For TPSCs, the ternary blend active layer and the PEDOT:PSS–GO composite HTL have been optimized individually in terms of their optical and electronic properties to achieve efficient photovoltaic properties.
Fig. S1(a and b) in the ESI† show FESEM and AFM images of GO nanosheets deposited on the ITO substrate, respectively, revealing that the size of GO nanosheets, synthesized using the modified Hummer's method (described in the Experimental section), is in the range of 5–10 μm. The height of the white line scan in the AFM image of a single GO nanosheet on the ITO substrate, as shown in the inset, is ∼1.1 nm, which is consistent with the thickness of single GO nanosheets reported elsewhere.29,30 PEDOT:PSS–GO composite films were deposited by dispersing GO in PEDOT:PSS with a weight ratio of 1:1. Fig. S1(c and d) (ESI†) depict the FESEM and AFM images of PEDOT:PSS–GO composite films deposited on ITO, showing that GO is dispersed homogeneously in the PEDOT:PSS matrix, with a low surface RMS = 1.21 nm.33
Fig. S2(a) in the ESI† shows the XRD patterns of GO, PEDOT:PSS and PEDOT:PSS:GO composite films; the GO sample shows a single peak at 11.3° corresponding to the (001) lattice plane, which is the characteristic peak, as reported elsewhere.33,38 The Raman spectra of GO, as shown in Fig. S2(b) (ESI†), display two dominant peaks at 1340 and 1604 cm−1, associated with the D and G bands, respectively.38 The G band is attributed to the Csp2–Csp2 stretching mode in the basal plane of the GO sheets, and the D band corresponds to the degree of functionalization and becomes active in the presence of defects in the graphene structure.
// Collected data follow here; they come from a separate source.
Lemma qeval_qpreserves_pair (G H : sgraph) (d : G -> bool) (f : G -> H) (x y : G) :
  qeval d f (qpreserves_pair x y) = (preserves_pair d f x y)%:R *+ 2.
Proof.
set z := (-1) ^+ (d x (+) d y) * sadjm (f x) (f y).
have z2 : z ^+ 2 = sadjm (f x) (f y) ^+ 2 by rewrite exprMn sqrr_sign mul1r.
have m_in : sadjm x y \in [:: 0; 1; -1].
  by have := signr_sadjm_in false x y; rewrite expr0 mul1r.
rewrite /qpreserves_pair qeval_mul.
have -> : qeval d f (if sadjm x y == 0
    then [:: QTerm 2 [::] [::]; QTerm (-2) [:: (x, y); (x, y)] [::]]
    else [:: QTerm 1 [:: (x, y); (x, y)] [::]; QTerm (sadjm x y) [:: (x, y)] [::]]) =
    if sadjm x y == 0 then 2 - 2 * z ^+ 2 else z ^+ 2 + sadjm x y * z.
  rewrite /qeval /cut_parity /hom_weight z2 /z.
  by case: ifP => _; rewrite !big_cons !big_nil /= addbF addbb expr0; ring.
have -> : qeval d f [:: QTerm 1 [::] [::]; QTerm (-1) [::] [:: (x, y)]] =
    1 - (f x == f y)%:R.
  by rewrite /qeval /cut_parity /hom_weight !big_cons !big_nil /= expr0; ring.
rewrite trit_eq_poly ?signr_sadjm_in // /preserves_pair -/z.
by case: (f x == f y); rewrite ?subrr ?subr0 ?mulr0 ?mulr1 ?andbF ?andbT.
Qed.

Definition switching_embedding_count (G H : sgraph) : int :=
  \sum_(d : {ffun G -> bool}) \sum_(f : {ffun G -> H})
    \prod_(p : G * G | p.1 != p.2) ((preserves_pair d f p.1 p.2)%:R *+ 2).

Lemma switching_embedding_count_qeval (G H : sgraph) :
  switching_embedding_count G H =
  \sum_(d : {ffun G -> bool}) \sum_(f : {ffun G -> H})
    qeval d f (\big[@qmul G/qone G]_(p : G * G | p.1 != p.2) qpreserves_pair p.1 p.2).
Proof.
apply: eq_bigr => d _; apply: eq_bigr => f _.
rewrite (big_morph _ (qeval_mul d f) (qeval_one d f)).
by apply: eq_bigr => p _; rewrite qeval_qpreserves_pair.
Qed.

Lemma switching_embedding_term_ge0 (G H : sgraph) (d : G -> bool) (f : G -> H) :
  0 <= \prod_(p : G * G | p.1 != p.2) ((preserves_pair d f p.1 p.2)%:R *+ 2) :> int.
Proof. by apply: prodr_ge0 => p _; rewrite mulrn_wge0. Qed.
Lemma abs_nonlocal_sub_trunc_conv_le y tau N : 0 < tau -> 1 <= N ->
  Rabs (K y * w y tau - int0inf (fun s => (w y tau - w (y - s) tau) * k y s)
        - trunc_conv w k N y tau) <= M * Bk / N.
Proof.
  intros Htau HN.
  apply abs_RInt_gen_sub_RInt_le; [apply is_RInt_gen_conv_integrand, Htau | |].
  - apply (ex_RInt_conv_integrand w k w_cont k_cont).
  - intros b Hb. apply (abs_RInt_conv_integrand_le w k M Bk w_cont w_bdd k_cont k_decay); lra.
Qed.

Lemma is_derive_RInt_duhamel_integrand N y tau : 0 <= N ->
  is_derive (fun tau => RInt (duhamel_integrand N y) 0 tau) tau (duhamel_integrand N y tau).
Proof.
  intros HN.
  assert (Hcont : forall tau, continuity_pt (duhamel_integrand N y) tau).
  { intros tau'. apply (continuity_pt_of_2d_r (duhamel_integrand N)),
      continuity_2d_pt_duhamel_integrand, HN. }
  apply (is_derive_RInt _ _ 0).
  - apply filter_forall. intros b. apply RInt_correct, ex_RInt_continuity_pt, Hcont.
  - apply continuity_pt_filterlim, Hcont.
Qed.

Lemma is_derive_exp_K_mult y tau : 0 < tau ->
  is_derive (fun tau => exp (K y * tau) * w y tau) tau
    (exp (K y * tau) * (K y * w y tau - int0inf (fun s => (w y tau - w (y - s) tau) * k y s))).
Proof.
  intros Htau. destruct (w_eq y tau Htau) as [_ Hw].
  replace (exp (K y * tau) * (K y * w y tau - int0inf (fun s => (w y tau - w (y - s) tau) * k y s)))
    with (K y * exp (K y * tau) * w y tau
          + exp (K y * tau) * (- int0inf (fun s => (w y tau - w (y - s) tau) * k y s))) by ring.
  apply (is_derive_mult (fun tau => exp (K y * tau)) (fun tau => w y tau));
    [| exact Hw | intros; apply Rmult_comm].
  auto_derive; [exact I | ring].
Qed.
The higher the intensity of the D band, the greater the number of structural defects. This means that the ID/IG ratio can be used to measure the degree of the presence of defects in the graphene structure.39 The origin of the defects could be the breaking of a single bond, double bond, or both in the basal plane of the graphene structure. Also, attached oxygen-containing functional groups like hydroxyl, carbonyl, carboxyl and carboxylate groups, etc. to graphene are considered as defects.39 Here, the ID/IG ratio is 1.06, which is consistent with other reported work.39
As solar light is incident from the anode side, the optical transmittance capability of the anodes and hole transport layers plays a primary role on the performance of TPSC devices, and therefore, it is an important parameter. The transmittance spectra of GO, PEDOT:PSS and PEDOT:PSS–GO (1:1) composite films in the visible range (see Fig. S3 in the ESI†) demonstrate that the GO nanosheets have relatively high transmittance in the entire visible range of 300–800 nm as compared to pure PEDOT:PSS films. Also, the incorporation of GO nanosheets in PEDOT:PSS in a 1:1 ratio drastically increases the transmittance of the PEDOT:PSS–GO composite films to almost 92% at the 550 nm wavelength, which is much higher than the value 84% observed for PEDOT:PSS and 89% observed for GO. This property makes the PEDOT:PSS–GO (1:1) composite is beneficial for TPSC devices as a HTL.38
Further investigation of the UV-Vis absorption spectra, we calculated the energy bandgap (Eg) from the Tauc plots for GO, PEDOT:PSS, PEDOT:PSS–GO (1:1) composite films [shown in Fig. S4(a–d), ESI†] using the formula αhν = (hν − Eg)1/2, where α is the absorption coefficient and hν is the photon energy. Here, we estimated that Eg = 3.61 eV for GO, Eg = 1.71 eV for PEDOT:PSS, and Eg = 3.39 eV for PEDOT:PSS–GO(1:1) films. Also, the work function (Φ), HOMO level (EHOMO) and LUMO level (ELUMO) of all these HTL films were calculated via ultraviolet photoelectron spectroscopy (UPS) using the formulas Φ = hν − (Ecutoff − EF), EHOMO = Φ + (EHOMOedge − EF), and ELUMO = EHOMO − Eg, where hν is excitation energy (21.2 eV) and Ecutoff − EF is the binding energy at the secondary electron cutoff. The parameters obtained from the UPS spectra of PEDOT:PSS, GO, and PEDOT:PSS–GO samples, shown in Fig. S5 (ESI†), are mentioned in Table S1 (ESI†). The EHOMO values for PEDOT:PSS and PEDOT:PSS–GO (1:1) were determined to be 5.01 eV and 5.22 eV. Interestingly, the work function increased from 4.8 eV to 5.0 eV on adding GO into PEDOT:PSS in a 1:1 composition. This increase in work function originates from the benzoid–quinoid transition of the PEDOT:PSS structure caused by the oxygen functional groups breaking the sp2 π–π conjugation bond, as previously reported by Jae Choul Yu et al.32 The increase of Φ and EHOMO of PEDOT:PSS–GO makes the HOMO of the HTL match perfectly well with the HOMO of the polymer donors, as represented in the schematic of energy level alignment of PEDOT:PSS/GO/PEDOT:PSS–GO (1:1) HTLs along with the P3HT:PTB7-Th:PCBM ternary blend shown in Fig. 2. Therefore, in TPSCs, this will result in efficient hole extraction properties at the HTL/active layer interface because of the almost zero potential barrier at the interface.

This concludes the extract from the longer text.